Copy out the lines of the records below, and only those lines, from the one with "(* Let $P(\lambda)$" through the one with "Definition mxpoly_deg m", exactly as they appear.

** PROVIDED MATERIAL follows **

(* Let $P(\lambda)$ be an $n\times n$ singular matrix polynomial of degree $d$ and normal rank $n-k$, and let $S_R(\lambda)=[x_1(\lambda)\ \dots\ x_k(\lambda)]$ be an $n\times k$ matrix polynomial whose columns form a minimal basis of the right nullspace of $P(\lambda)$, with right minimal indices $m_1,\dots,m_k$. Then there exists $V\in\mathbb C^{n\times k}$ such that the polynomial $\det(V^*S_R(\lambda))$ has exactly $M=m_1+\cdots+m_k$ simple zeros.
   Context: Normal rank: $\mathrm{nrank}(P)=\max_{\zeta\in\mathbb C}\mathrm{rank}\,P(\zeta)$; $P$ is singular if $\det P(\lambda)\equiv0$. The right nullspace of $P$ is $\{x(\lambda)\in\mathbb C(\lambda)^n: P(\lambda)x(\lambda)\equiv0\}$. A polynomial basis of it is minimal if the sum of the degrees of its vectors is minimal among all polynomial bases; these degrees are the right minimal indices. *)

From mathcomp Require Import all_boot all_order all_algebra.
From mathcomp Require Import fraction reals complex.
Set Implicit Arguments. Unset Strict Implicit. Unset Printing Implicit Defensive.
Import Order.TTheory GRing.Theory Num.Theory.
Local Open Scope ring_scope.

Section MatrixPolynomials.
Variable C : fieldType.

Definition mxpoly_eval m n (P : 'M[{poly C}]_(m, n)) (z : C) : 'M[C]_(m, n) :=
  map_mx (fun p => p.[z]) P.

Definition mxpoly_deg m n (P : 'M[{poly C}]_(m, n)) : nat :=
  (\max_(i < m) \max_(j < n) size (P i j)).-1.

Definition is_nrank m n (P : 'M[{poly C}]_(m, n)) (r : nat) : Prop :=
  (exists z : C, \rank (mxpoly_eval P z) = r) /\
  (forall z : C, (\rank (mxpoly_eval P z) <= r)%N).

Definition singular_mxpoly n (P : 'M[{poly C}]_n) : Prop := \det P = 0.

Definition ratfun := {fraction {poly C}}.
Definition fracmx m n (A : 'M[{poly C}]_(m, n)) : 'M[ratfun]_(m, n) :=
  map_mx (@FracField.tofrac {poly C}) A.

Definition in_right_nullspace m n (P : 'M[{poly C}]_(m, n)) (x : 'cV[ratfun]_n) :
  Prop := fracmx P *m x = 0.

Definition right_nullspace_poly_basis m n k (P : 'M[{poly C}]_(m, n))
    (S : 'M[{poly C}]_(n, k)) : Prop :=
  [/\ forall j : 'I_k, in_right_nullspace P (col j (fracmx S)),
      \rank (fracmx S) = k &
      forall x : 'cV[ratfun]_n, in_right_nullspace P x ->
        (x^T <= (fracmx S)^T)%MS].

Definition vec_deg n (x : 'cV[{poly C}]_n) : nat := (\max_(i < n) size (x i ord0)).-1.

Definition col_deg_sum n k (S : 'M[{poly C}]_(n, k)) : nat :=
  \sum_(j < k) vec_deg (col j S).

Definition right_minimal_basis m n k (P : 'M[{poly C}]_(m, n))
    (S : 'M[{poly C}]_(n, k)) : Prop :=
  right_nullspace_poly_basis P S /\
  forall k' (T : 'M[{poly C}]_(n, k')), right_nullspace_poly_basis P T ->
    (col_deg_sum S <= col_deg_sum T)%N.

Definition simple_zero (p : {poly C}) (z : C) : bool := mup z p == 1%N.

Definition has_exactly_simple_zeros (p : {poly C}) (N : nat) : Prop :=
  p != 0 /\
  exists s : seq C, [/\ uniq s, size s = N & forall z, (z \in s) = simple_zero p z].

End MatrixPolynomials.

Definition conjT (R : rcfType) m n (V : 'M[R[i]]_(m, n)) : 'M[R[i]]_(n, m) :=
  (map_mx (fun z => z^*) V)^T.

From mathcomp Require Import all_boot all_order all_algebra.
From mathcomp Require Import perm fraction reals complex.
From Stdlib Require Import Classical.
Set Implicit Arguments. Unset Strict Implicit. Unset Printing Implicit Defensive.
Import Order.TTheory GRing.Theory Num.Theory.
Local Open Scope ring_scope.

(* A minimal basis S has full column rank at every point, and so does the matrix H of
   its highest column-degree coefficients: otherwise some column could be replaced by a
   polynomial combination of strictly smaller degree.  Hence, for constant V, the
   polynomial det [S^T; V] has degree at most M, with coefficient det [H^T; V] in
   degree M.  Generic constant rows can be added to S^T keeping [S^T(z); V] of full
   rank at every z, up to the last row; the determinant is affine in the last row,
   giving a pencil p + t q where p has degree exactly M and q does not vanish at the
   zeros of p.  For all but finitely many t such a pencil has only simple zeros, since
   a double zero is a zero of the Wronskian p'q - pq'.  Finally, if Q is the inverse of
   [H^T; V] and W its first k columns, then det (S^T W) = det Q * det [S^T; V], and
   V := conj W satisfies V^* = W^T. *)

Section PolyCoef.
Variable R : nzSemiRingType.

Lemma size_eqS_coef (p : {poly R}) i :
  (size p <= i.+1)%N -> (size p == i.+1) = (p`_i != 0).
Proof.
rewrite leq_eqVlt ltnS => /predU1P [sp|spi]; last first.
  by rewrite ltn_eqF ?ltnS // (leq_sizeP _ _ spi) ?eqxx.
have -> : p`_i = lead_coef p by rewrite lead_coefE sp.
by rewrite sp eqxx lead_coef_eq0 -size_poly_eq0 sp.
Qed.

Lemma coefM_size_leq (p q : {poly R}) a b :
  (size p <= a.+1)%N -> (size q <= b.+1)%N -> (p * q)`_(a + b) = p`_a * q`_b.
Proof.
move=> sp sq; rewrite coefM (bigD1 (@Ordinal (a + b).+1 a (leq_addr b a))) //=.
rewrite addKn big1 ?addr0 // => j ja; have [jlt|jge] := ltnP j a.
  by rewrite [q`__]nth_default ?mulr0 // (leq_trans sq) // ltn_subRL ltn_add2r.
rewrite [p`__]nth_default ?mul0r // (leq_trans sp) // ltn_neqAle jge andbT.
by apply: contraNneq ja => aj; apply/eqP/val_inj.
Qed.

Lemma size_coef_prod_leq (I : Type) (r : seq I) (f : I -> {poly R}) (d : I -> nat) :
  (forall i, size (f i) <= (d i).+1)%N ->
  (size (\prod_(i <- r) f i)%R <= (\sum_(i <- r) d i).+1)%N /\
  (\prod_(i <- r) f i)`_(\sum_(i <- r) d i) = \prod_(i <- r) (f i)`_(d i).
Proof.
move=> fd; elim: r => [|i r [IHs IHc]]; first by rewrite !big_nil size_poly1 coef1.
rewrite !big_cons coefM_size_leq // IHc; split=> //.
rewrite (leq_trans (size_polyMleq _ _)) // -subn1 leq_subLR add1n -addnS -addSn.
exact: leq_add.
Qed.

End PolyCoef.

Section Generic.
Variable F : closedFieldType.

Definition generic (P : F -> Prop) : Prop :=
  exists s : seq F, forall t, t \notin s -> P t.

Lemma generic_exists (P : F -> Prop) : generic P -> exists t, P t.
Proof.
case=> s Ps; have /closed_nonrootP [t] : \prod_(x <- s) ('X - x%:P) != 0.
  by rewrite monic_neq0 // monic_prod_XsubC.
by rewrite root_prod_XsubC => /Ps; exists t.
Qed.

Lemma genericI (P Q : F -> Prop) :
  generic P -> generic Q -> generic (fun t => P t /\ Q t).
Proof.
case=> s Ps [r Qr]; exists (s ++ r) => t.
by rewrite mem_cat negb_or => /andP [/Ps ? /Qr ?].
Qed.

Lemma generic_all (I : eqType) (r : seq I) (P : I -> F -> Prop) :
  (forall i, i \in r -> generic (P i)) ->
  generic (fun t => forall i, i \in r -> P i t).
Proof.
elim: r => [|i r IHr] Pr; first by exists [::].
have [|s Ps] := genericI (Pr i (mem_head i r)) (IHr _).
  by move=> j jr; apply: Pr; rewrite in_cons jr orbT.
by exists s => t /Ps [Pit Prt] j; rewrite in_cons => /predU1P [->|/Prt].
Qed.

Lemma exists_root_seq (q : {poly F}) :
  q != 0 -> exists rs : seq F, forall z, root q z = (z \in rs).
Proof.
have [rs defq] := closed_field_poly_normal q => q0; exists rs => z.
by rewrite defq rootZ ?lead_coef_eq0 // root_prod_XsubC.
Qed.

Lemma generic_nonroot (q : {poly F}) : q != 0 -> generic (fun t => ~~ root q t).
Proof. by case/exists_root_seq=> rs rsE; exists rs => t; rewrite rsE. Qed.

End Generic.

** End of PROVIDED MATERIAL **
** PROVIDED MATERIAL follows **

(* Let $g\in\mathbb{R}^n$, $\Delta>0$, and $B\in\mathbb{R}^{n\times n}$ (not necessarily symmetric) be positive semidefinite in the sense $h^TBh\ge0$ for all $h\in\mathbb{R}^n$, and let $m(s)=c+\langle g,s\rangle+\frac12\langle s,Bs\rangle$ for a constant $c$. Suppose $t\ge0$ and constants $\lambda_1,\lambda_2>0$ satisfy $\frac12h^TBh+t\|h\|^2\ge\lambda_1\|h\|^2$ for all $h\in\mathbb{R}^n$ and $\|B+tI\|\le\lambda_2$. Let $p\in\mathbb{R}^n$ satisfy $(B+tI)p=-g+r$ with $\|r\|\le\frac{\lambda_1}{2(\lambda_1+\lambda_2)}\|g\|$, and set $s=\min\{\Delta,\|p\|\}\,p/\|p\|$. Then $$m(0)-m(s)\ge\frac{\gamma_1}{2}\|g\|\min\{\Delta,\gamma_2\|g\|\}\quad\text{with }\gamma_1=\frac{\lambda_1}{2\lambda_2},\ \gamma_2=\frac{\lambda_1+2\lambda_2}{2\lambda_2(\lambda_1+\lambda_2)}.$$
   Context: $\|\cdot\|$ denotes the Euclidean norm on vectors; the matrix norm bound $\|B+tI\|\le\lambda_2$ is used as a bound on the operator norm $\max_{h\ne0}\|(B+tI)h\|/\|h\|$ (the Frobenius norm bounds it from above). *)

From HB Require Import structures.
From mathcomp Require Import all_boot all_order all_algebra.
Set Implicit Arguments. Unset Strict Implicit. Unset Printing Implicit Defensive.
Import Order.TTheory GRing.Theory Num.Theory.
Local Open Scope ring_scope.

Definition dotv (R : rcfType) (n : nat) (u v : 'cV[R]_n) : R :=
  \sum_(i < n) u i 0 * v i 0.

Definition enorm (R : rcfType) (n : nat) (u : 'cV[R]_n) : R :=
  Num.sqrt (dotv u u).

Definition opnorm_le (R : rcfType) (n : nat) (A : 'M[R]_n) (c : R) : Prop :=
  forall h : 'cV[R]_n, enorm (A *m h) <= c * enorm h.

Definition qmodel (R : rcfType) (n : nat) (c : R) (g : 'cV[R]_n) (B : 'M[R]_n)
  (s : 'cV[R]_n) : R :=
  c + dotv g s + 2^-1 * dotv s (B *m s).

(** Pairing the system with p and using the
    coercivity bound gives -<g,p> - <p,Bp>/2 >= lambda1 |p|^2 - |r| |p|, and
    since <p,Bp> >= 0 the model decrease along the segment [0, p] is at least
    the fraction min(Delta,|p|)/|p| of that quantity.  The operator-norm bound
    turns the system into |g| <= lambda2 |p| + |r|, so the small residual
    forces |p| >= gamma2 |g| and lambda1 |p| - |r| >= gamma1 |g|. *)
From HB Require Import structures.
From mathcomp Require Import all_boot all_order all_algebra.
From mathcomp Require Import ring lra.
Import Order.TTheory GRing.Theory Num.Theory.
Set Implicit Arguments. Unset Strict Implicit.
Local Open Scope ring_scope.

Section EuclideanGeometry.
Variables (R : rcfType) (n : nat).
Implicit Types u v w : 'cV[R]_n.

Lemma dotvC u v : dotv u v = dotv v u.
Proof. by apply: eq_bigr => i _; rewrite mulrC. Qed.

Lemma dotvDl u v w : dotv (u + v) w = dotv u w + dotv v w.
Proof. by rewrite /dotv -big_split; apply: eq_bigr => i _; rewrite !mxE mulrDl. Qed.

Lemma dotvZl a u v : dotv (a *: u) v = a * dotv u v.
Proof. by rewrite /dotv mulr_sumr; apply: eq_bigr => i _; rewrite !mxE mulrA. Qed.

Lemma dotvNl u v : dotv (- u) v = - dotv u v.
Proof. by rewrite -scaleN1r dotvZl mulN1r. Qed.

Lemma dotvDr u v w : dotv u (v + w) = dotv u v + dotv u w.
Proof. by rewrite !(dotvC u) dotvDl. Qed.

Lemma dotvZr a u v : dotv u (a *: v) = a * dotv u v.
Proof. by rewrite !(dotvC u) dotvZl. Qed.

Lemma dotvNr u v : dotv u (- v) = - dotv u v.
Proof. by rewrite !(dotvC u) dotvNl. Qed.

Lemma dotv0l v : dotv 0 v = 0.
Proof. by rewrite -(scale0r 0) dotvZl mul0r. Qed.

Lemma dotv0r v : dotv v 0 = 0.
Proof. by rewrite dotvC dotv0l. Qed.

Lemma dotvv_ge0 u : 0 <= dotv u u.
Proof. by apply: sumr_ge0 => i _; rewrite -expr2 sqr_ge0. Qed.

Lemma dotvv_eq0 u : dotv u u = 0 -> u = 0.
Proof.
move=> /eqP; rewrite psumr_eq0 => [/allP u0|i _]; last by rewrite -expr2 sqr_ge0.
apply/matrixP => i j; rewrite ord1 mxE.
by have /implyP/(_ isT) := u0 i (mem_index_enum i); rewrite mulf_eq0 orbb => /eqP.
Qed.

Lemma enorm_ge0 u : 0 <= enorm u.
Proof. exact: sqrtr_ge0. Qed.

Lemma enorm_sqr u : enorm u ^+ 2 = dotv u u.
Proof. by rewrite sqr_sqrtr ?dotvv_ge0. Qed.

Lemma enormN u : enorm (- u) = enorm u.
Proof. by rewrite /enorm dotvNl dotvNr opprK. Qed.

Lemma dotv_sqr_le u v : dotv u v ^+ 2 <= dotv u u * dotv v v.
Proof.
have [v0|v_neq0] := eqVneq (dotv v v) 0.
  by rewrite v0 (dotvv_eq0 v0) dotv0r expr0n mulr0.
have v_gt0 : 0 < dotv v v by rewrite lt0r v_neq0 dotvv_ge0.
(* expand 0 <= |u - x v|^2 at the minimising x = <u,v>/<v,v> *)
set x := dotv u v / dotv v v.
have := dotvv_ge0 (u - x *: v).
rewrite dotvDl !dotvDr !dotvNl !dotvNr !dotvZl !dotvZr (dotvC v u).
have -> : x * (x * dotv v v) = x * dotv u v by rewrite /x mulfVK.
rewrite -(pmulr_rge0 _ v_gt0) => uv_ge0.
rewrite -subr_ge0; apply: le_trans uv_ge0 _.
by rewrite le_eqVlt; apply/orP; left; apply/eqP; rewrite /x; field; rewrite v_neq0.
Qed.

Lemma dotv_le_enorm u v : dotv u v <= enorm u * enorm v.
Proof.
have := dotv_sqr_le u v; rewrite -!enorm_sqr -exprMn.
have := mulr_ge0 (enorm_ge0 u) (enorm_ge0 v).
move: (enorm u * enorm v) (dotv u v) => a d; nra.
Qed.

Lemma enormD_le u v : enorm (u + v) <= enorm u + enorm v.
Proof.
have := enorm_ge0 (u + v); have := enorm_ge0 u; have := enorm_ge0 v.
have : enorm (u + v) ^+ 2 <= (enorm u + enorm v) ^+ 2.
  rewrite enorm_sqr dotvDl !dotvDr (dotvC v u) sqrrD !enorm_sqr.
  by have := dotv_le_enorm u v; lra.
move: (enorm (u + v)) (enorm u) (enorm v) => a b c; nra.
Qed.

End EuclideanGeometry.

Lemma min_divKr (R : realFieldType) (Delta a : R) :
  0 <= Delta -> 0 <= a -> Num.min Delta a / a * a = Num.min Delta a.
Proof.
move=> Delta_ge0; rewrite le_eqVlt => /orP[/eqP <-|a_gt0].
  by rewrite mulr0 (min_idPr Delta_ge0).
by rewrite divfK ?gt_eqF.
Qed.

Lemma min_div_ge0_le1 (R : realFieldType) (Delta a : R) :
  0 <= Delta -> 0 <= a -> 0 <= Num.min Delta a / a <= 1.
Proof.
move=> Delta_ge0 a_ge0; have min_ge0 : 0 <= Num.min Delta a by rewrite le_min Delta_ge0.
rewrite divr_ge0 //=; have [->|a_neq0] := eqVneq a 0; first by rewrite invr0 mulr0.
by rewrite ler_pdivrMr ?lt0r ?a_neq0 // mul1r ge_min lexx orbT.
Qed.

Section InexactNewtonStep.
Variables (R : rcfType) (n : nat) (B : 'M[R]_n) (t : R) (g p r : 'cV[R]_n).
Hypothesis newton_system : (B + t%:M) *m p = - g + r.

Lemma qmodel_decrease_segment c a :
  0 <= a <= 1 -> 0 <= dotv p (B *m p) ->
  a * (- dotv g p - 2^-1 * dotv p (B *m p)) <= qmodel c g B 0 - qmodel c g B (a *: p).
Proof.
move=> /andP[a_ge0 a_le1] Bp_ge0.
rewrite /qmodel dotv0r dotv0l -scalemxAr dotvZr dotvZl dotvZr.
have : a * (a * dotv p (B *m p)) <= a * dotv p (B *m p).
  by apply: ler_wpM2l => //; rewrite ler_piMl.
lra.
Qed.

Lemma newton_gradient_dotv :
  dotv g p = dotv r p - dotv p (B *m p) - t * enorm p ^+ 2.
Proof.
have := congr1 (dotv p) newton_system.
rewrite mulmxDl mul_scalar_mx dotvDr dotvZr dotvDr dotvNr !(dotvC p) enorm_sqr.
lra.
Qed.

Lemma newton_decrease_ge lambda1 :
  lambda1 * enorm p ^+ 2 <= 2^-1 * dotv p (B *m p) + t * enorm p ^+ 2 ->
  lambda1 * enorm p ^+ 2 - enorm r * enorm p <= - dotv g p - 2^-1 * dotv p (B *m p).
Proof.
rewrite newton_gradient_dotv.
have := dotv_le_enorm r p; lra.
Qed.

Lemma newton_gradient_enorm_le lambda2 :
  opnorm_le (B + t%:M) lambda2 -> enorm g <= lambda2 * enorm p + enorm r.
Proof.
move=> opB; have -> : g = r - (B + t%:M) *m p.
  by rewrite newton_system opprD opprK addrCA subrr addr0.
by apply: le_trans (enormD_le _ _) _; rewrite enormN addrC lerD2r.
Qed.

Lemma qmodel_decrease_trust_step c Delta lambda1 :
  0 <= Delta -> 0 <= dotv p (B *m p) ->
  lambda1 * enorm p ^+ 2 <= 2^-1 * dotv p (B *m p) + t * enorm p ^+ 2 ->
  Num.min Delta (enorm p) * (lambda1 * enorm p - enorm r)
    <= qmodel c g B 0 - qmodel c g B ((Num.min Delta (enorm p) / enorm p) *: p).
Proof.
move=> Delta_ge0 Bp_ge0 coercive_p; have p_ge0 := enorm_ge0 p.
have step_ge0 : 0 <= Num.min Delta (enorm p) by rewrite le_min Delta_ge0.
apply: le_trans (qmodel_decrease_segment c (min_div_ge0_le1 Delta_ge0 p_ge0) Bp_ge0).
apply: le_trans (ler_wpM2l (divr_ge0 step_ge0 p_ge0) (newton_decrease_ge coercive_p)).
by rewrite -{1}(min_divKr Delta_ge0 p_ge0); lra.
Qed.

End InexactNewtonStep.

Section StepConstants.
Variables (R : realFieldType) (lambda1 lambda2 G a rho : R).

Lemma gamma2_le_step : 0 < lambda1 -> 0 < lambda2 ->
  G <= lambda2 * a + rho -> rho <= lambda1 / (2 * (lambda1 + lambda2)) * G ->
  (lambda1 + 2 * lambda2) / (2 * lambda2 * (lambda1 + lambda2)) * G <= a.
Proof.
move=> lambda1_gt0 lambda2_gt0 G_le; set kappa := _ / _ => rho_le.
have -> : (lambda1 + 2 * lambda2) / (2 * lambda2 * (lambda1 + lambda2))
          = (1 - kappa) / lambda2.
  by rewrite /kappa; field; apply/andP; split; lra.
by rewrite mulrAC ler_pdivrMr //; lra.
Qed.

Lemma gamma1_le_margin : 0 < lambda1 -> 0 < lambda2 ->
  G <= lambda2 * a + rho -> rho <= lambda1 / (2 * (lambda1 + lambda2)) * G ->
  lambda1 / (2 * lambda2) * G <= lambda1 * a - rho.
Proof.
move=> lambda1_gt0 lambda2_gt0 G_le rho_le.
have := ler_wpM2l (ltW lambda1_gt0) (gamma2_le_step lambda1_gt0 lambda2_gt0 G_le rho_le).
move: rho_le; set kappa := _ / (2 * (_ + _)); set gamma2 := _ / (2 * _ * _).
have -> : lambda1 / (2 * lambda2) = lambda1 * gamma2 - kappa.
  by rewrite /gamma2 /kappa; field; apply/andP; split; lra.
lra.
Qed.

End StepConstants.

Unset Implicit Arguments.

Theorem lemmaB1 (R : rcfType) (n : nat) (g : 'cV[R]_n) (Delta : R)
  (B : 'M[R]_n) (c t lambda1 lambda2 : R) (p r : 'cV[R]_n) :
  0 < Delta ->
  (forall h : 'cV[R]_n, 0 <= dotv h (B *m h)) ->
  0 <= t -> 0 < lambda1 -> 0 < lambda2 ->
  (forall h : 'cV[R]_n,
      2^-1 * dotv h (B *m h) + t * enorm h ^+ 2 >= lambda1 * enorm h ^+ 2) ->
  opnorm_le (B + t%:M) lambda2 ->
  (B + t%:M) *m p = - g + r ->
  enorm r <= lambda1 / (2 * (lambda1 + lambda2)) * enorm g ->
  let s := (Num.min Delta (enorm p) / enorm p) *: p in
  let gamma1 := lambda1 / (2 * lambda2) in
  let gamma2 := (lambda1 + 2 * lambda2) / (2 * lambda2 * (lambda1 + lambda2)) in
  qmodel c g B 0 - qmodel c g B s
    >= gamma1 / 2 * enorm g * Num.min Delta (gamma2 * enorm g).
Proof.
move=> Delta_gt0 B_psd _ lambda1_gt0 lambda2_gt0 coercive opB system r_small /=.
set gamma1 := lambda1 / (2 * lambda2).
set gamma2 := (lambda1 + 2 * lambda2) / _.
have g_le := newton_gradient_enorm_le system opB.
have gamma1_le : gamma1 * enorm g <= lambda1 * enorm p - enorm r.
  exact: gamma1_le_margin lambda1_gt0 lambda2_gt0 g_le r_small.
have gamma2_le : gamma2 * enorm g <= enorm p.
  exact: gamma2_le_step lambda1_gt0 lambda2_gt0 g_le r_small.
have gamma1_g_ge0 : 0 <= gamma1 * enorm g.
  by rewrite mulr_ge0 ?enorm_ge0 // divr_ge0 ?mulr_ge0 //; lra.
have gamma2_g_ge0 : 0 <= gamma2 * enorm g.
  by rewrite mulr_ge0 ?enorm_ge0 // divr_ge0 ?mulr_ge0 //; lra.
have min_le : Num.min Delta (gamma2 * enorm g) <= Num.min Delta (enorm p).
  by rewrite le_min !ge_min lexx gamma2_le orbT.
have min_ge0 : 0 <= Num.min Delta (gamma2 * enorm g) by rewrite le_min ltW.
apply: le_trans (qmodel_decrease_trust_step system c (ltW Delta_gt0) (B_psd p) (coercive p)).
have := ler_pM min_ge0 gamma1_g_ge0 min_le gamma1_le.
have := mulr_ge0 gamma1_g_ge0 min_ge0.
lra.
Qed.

** End of PROVIDED MATERIAL **
** PROVIDED MATERIAL follows **

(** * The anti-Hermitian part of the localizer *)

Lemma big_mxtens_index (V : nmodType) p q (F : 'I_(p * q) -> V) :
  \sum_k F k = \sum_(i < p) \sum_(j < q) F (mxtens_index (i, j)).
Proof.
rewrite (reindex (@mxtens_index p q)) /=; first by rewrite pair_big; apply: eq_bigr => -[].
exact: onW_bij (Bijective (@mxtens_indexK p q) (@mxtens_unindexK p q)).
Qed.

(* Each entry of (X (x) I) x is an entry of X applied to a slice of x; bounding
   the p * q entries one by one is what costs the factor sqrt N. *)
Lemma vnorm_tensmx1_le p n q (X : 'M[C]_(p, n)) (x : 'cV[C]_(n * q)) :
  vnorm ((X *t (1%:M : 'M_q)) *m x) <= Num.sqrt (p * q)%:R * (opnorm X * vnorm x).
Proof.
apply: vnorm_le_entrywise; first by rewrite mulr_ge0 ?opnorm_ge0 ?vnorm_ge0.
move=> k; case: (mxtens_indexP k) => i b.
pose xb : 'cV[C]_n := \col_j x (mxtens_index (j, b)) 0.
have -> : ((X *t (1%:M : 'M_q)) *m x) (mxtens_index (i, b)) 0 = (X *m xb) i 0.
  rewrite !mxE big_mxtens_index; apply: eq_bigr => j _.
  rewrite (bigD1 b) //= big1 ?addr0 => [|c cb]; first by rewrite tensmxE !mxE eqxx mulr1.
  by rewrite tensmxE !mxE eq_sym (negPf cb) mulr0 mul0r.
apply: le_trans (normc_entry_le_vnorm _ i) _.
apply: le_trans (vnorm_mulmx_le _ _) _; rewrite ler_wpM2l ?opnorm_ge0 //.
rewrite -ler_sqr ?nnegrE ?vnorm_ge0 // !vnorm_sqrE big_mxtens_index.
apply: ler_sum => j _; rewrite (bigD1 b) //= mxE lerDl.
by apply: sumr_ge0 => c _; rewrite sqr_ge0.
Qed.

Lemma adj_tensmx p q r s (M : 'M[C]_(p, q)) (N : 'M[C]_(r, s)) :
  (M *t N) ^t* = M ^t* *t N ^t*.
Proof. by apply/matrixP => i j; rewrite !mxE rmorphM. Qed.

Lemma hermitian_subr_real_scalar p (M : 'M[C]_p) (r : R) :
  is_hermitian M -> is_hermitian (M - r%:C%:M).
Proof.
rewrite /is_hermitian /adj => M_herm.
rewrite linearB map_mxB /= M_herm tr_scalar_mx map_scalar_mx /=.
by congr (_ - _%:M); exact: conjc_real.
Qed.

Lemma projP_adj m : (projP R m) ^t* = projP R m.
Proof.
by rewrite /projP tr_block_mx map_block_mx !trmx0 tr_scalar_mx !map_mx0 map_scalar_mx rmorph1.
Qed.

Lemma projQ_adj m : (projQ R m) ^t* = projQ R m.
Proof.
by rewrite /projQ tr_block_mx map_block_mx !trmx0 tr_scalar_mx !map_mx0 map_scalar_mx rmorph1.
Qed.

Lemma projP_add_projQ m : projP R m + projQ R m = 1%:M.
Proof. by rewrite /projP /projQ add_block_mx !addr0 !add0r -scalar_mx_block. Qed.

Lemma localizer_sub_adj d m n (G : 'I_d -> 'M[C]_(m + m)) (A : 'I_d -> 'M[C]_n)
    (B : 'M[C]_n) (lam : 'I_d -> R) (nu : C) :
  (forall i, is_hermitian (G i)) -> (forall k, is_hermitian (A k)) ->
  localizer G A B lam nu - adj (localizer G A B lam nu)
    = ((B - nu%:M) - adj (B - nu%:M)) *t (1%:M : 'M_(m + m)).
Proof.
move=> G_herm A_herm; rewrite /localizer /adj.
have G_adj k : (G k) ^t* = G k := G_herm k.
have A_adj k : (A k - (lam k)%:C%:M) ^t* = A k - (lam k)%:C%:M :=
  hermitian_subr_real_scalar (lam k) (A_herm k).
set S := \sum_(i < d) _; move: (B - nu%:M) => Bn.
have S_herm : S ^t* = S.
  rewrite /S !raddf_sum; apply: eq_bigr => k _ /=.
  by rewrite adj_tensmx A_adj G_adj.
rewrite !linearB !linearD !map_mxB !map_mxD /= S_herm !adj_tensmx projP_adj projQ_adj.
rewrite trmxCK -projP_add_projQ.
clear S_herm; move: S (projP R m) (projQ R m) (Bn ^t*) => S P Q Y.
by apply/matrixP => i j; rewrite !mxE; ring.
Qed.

** End of PROVIDED MATERIAL **

__WRITTEN SOLUTION__.
(* Let $P(\lambda)$ be an $n\times n$ singular matrix polynomial of degree $d$ and normal rank $n-k$, and let $S_R(\lambda)=[x_1(\lambda)\ \dots\ x_k(\lambda)]$ be an $n\times k$ matrix polynomial whose columns form a minimal basis of the right nullspace of $P(\lambda)$, with right minimal indices $m_1,\dots,m_k$. Then there exists $V\in\mathbb C^{n\times k}$ such that the polynomial $\det(V^*S_R(\lambda))$ has exactly $M=m_1+\cdots+m_k$ simple zeros.
   Context: Normal rank: $\mathrm{nrank}(P)=\max_{\zeta\in\mathbb C}\mathrm{rank}\,P(\zeta)$; $P$ is singular if $\det P(\lambda)\equiv0$. The right nullspace of $P$ is $\{x(\lambda)\in\mathbb C(\lambda)^n: P(\lambda)x(\lambda)\equiv0\}$. A polynomial basis of it is minimal if the sum of the degrees of its vectors is minimal among all polynomial bases; these degrees are the right minimal indices. *)

From mathcomp Require Import all_boot all_order all_algebra.
From mathcomp Require Import fraction reals complex.
Set Implicit Arguments. Unset Strict Implicit. Unset Printing Implicit Defensive.
Import Order.TTheory GRing.Theory Num.Theory.
Local Open Scope ring_scope.

Section MatrixPolynomials.
Variable C : fieldType.

Definition mxpoly_eval m n (P : 'M[{poly C}]_(m, n)) (z : C) : 'M[C]_(m, n) :=
  map_mx (fun p => p.[z]) P.

Definition mxpoly_deg m n (P : 'M[{poly C}]_(m, n)) : nat :=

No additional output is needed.